Моя звездочка не плакал, а только трясся. Но, по счастью, Андрей сам трус. Я только хваталась за Тиму, но потом не выдержала и закричала громко и грозно:
— Вызываю милицию! Все! Звоню!
Андрей не способен никогда поверить, что я смогу вызвать милицию — к кому? К нему, к несчастному, который так и не оправился от колонии, не мог забыть, что с ним там творили, не мог возродиться как человек и все ходил по своим так называемым друзьям, за которых он сел, все укорял их и собирал трешки и пятерки путем шантажа — это я так думаю, потому что однажды Андрея разыскивала некая совершенно сумасшедшая мамаша его товарища по тому делу, подельника. Голос отвратный:
— Але! Але!
— Але, — говорю я.
— Але! (кричит в тревоге) Можно… Это квартира таких-то? Але!
— Нет, — отвечаю.
— Андрея такого-то нет? Але! (так тревожно) — Он тут вообще не живет. А кто это?
— Не важно.
Не важно, значит, до свидания. Но не тут-то было.
— Але! Але! А где он?
— Я не знаю.
— Он больше не работает в пожарке? Я туда звонила. Вот сука!
— Нет, он теперь в министерстве.
Пусть обзванивает все отделы кадров всех министерств.
— Да? Можно телефон? Але!
Так ее и видишь, паника на лице, уши горят.
— Это секретный телефон, — говорю я.
— Я его не знаю.
— Это говорит мама его товарища Ивана. Он унес у нас из дома кожаную куртку после его посещения без меня. Але! Вы слышите?
— Вы поищите у вашего сына, а его что, еще не посадили по делу Алеши К.? Начинается же пересмотр!
(Это ее сын до сих пор носит Андрюшин свитер, который я купила Андрею на день рождения из последних денег.)
— И кстати, — говорю я, — не может ли Иван вернуть мне стоимость украденных у меня вещей? Трубка брошена.
Страшная темная сила, слепая безумная страсть — в ноги любимого сына вроде блудного сына упасть, стихи.
Андрей ел мою селедку, мою картошку, мой черный хлеб, пил мой чай, придя из колонии, опять, как раньше, ел мой мозг и пил мою кровь, весь слепленный из моей пищи, но желтый, грязный, смертельно усталый. Я молчала. Слова «иди в душ» не лезли вон, но стояли в горле как обида.

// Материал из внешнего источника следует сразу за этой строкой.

Lemma retraction_uniform_le (x : X) : Rs x -> forall e, 0 < e -> exists del, 0 < del /\
  forall y, Rs y -> d S x y < del ->
  (forall z, Rs z -> d S (b x z) (b y z) <= e) /\
  (forall z, Rs z -> d S (b y z) (b x z) <= e).
Proof.
  intros Rx e He. destruct (retraction_uniform x Rx e He) as [del [Hdel Hunif]].
  exists del. split; [exact Hdel|]. intros y Ry Hxy.
  split; intros z Rz; [|rewrite d_sym]; left; exact (Hunif y z Ry Rz Hxy).
Qed.

Lemma slice_cont_H : cont_on_H S Rs (slice Rs r b).
Proof.
  intros x Rx e He.
  destruct (retraction_uniform_le x Rx (e / 2)) as [del [Hdel Hunif]]; [lra|].
  exists del. split; [exact Hdel|]. intros y Ry Hxy.
  destruct (Hunif y Ry Hxy) as [Hxy' Hyx'].
  apply Rle_lt_trans with (e / 2); [|lra].
  apply hausdorff_le; [lra | exact (slice_near x y _ Ry Hxy') | exact (slice_near y x _ Rx Hyx')].
Qed.

Lemma slice_diam_cont : cont_on_R S Rs (fun x => diam S (slice Rs r b x)).
Proof.
  intros x Rx e He.
  destruct (retraction_uniform_le x Rx (e / 4)) as [del [Hdel Hunif]]; [lra|].
  exists del. split; [exact Hdel|]. intros y Ry Hxy.
  destruct (Hunif y Ry Hxy) as [Hxy' Hyx'].
  pose proof (diam_le_shift S _ _ r _ _ (retract_in_slice x x Rx Rx)
    (slice_near x y _ Ry Hxy') (slice_bounded y)).
  pose proof (diam_le_shift S _ _ r _ _ (retract_in_slice y y Ry Ry)
    (slice_near y x _ Rx Hyx') (slice_bounded x)).
  apply Rabs_def1; lra.
Qed.

End Slices.

Section RectangleBracket.

Context {X : Type} (S : SmaleSpace X) (e' : R) (Rs : X -> Prop).
Hypotheses (He' : admissible_eps' S e') (HR : rectangle S e' Rs) (HRc : is_closed S Rs).

Lemma rectangle_small (x y : X) : Rs x -> Rs y -> d S x y < 2 * e'.
Proof.
  intros Rx Ry. destruct He' as [He'pos _]. destruct HR as [_ [Hdiam _]].
  pose proof (Hdiam x y Rx Ry). lra.
Qed.

Lemma rectangle_d_le_epsX (x y : X) : Rs x -> Rs y -> d S x y <= epsX S.
Proof.
  intros Rx Ry. destruct He' as [He'pos [He'eps _]]. destruct HR as [_ [Hdiam _]].
  pose proof (Hdiam x y Rx Ry). lra.
Qed.

Lemma rectangle_stable_retraction : retraction_family S Rs (2 * e') (br S).
Proof.
  destruct HR as [_ [_ Hbr]]. constructor.
  - exact rectangle_small.
  - exact HRc.
  - intros x y Rx Ry e He.
    destruct (br_cont X S x y (rectangle_d_le_epsX x y Rx Ry) e He) as [del [Hdel Hc]].
    exists del. split; [exact Hdel|]. intros x' y' Rx' Ry'.
    apply Hc, rectangle_d_le_epsX; assumption.
  - exact Hbr.
  - intros x z Rx Rz. apply br_l; apply rectangle_d_le_epsX; auto.
Qed.

Lemma rectangle_unstable_retraction :
  retraction_family S Rs (2 * e') (fun x y => br S y x).
Proof.
  destruct HR as [_ [_ Hbr]]. constructor.
  - exact rectangle_small.
  - exact HRc.
  - intros x y Rx Ry e He.
    destruct (br_cont X S y x (rectangle_d_le_epsX y x Ry Rx) e He) as [del [Hdel Hc]].
    exists del. split; [exact Hdel|]. intros x' y' Rx' Ry' Hxx' Hyy'.
    apply Hc; [apply rectangle_d_le_epsX | |]; assumption.
  - intros x z Rx Rz. exact (Hbr z x Rz Rx).
  - intros x z Rx Rz. apply br_r; apply rectangle_d_le_epsX; auto.
Qed.

End RectangleBracket.

Theorem lemma6p14 (X : Type) (S : SmaleSpace X) (e' : R) (Rs : X -> Prop) :
  admissible_eps' S e' ->
  rectangle S e' Rs ->
  is_closed S Rs ->
  (* the maps land in K(R) *)
  (forall x, Rs x ->
     is_compact S (XsR S e' Rs x) /\ (forall y, XsR S e' Rs x y -> Rs y) /\
     is_compact S (XuR S e' Rs x) /\ (forall y, XuR S e' Rs x y -> Rs y)) /\
  (* continuity into (K(R), d_H) *)
  cont_on_H S Rs (XsR S e' Rs) /\
  cont_on_H S Rs (XuR S e' Rs) /\
  (* continuity of the diameters *)
  cont_on_R S Rs (fun x => diam S (XsR S e' Rs x)) /\
  cont_on_R S Rs (fun x => diam S (XuR S e' Rs x)).
Proof.
  intros He' HR HRc.
  pose proof (rectangle_stable_retraction S e' Rs He' HR HRc) as Hs.
  pose proof (rectangle_unstable_retraction S e' Rs He' HR HRc) as Hu.
  split; [|split; [|split; [|split]]].
  - intros x Rx. split; [|split; [|split]].
    + exact (is_compact_closed S _ (slice_closed S Hs x Rx)).
    + intros y Hy. exact (proj2 Hy).
    + exact (is_compact_closed S _ (slice_closed S Hu x Rx)).
    + intros y Hy. exact (proj2 Hy).
  - exact (slice_cont_H S Hs).
  - exact (slice_cont_H S Hu).
  - exact (slice_diam_cont S Hs).
  - exact (slice_diam_cont S Hu).
Qed.
(* Every Petri net and every VASS, viewed as an ordered functional transition system, is cover-flattable: for every initial state $x_0$, $(\mathfrak X,x_0)$ is cover-flattable.
   Context: A VASS of dimension $k$ has a finite set $Q$ of control states and finitely many transitions, each given by $q,q'\in Q$ and $\vec a,\vec b\in\mathbb N^k$ and acting as the partial map $f(q,\vec x)=(q',\vec x+\vec b-\vec a)$, defined on states of control state $q$ with $\vec x\ge\vec a$. The state space $Q\times\mathbb N^k$ is ordered by $(q,\vec x)\le(q',\vec y)$ iff $q=q'$ and $\vec x\le\vec y$ componentwise. A Petri net on $k$ places is the case of a single control state (state space $\mathbb N^k$). Ordered functional transition system: partial order plus finite set of partial monotonic maps (upward-closed domain, monotone on it), with $x\to f(x)$. $Cover(x)=\downarrow Post^*(\downarrow x)$, $Post^*$ the reachability set. Flat: there are finitely many words $w_1,\dots,w_k$ over the set of transition maps such that every fireable sequence of transitions (from the initial state considered) lies in $w_1^*\cdots w_k^*$. A morphism $\varphi:\mathfrak X_1\to\mathfrak X$ maps states to states and transition maps to transition maps such that $s'=f_1(s)$ implies $\varphi(s)\in\operatorname{dom}\varphi(f_1)$ and $\varphi(s')=\varphi(f_1)(\varphi(s))$. A monotonic flattening of $\mathfrak X$ is $(\mathfrak X_1,\varphi)$ with $\mathfrak X_1$ a flat ordered functional transition system and $\varphi$ a morphism monotone on states. $(\mathfrak X,x_0)$ is cover-flattable iff there are a monotonic flattening $(\mathfrak X_1,\varphi)$ of $\mathfrak X$ and a state $x_1$ of $\mathfrak X_1$ with $\varphi(x_1)=x_0$ and $Cover_{\mathfrak X}(x_0)=\downarrow\varphi\langle Cover_{\mathfrak X_1}(x_1)\rangle$. *)

From mathcomp Require Import all_boot.
Set Implicit Arguments. Unset Strict Implicit. Unset Printing Implicit Defensive.

Record ofts := Ofts {
  st : Type;
  le : st -> st -> Prop;
  lab : finType;
  tr : lab -> st -> option st
}.

Definition is_ofts (X : ofts) : Prop :=
  (forall x, @le X x x) /\
  (forall x y, @le X x y -> @le X y x -> x = y) /\
  (forall x y z, @le X x y -> @le X y z -> @le X x z) /\
  (forall a x y x', @le X x y -> @tr X a x = Some x' ->
      exists y', @tr X a y = Some y') /\
  (forall a x y x' y', @le X x y -> @tr X a x = Some x' -> @tr X a y = Some y' ->
      @le X x' y').

Inductive reach (X : ofts) : st X -> st X -> Prop :=
| reach_refl x : reach x x
| reach_step a x y z : @tr X a x = Some y -> reach y z -> reach x z.

Definition cover (X : ofts) (x : st X) (z : st X) : Prop :=
  exists x' y, @le X x' x /\ reach x' y /\ @le X z y.

Fixpoint run (X : ofts) (x : st X) (w : seq (lab X)) : option (st X) :=
  match w with
  | [::] => Some x
  | a :: w' => match @tr X a x with Some y => run y w' | None => None end
  end.

Definition fireable (X : ofts) (x : st X) (w : seq (lab X)) : Prop :=
  exists y, run x w = Some y.

(* [in_bounded ws w] : w belongs to w_1^* w_2^* ... w_k^* where ws = [w_1;..;w_k]. *)
Fixpoint in_bounded (L : Type) (ws : seq (seq L)) (w : seq L) : Prop :=
  match ws with
  | [::] => w = [::]
  | wi :: ws' => exists (n : nat) (u : seq L),
      w = flatten (nseq n wi) ++ u /\ in_bounded ws' u
  end.

Definition flat (X : ofts) (x : st X) : Prop :=
  exists ws : seq (seq (lab X)),
    forall w, fireable x w -> in_bounded ws w.

Definition morphism (X1 X : ofts) (phiS : st X1 -> st X) (phiL : lab X1 -> lab X)
  : Prop :=
  forall a s s', @tr X1 a s = Some s' -> @tr X (phiL a) (phiS s) = Some (phiS s').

С детства эта моя фраза вызывала у него рвоту отвращения (поскольку, понятно, эта фраза его унижала, напоминала о том, чего он стоит, потный и грязный, в сравнении со мной, вечно чистой, два раза в день душ и подолгу: чужое тепло! тепло ТЭЦ, за неимением лучшего).
— Дай мне денег.
— Каких денег? — вскричала я. — Ких еще денег? Я кормлю троих!
Да! И я четвертая! Здесь все из моей крови и мозга!
Так я стала восклицать, сама имея пять рэ в сумочке и часть на сберкнижке, мамина страховка, а часть за плинтусом, поскольку, всем всё знакомым и незнакомым рассказав, я получила пять переводов с подстрочников неизвестных мне языков, поскольку: сын-диссидент в тюрьме по ложному обвинению, дочь почти без мужа родила, два студента без стипендии на руках и родился внук, ах, ох, ботинки, пеленки!
— И знаешь что, не помыться ли тебе? Хочешь ванну? Он медленно сморгнул, глядя на мои ключицы.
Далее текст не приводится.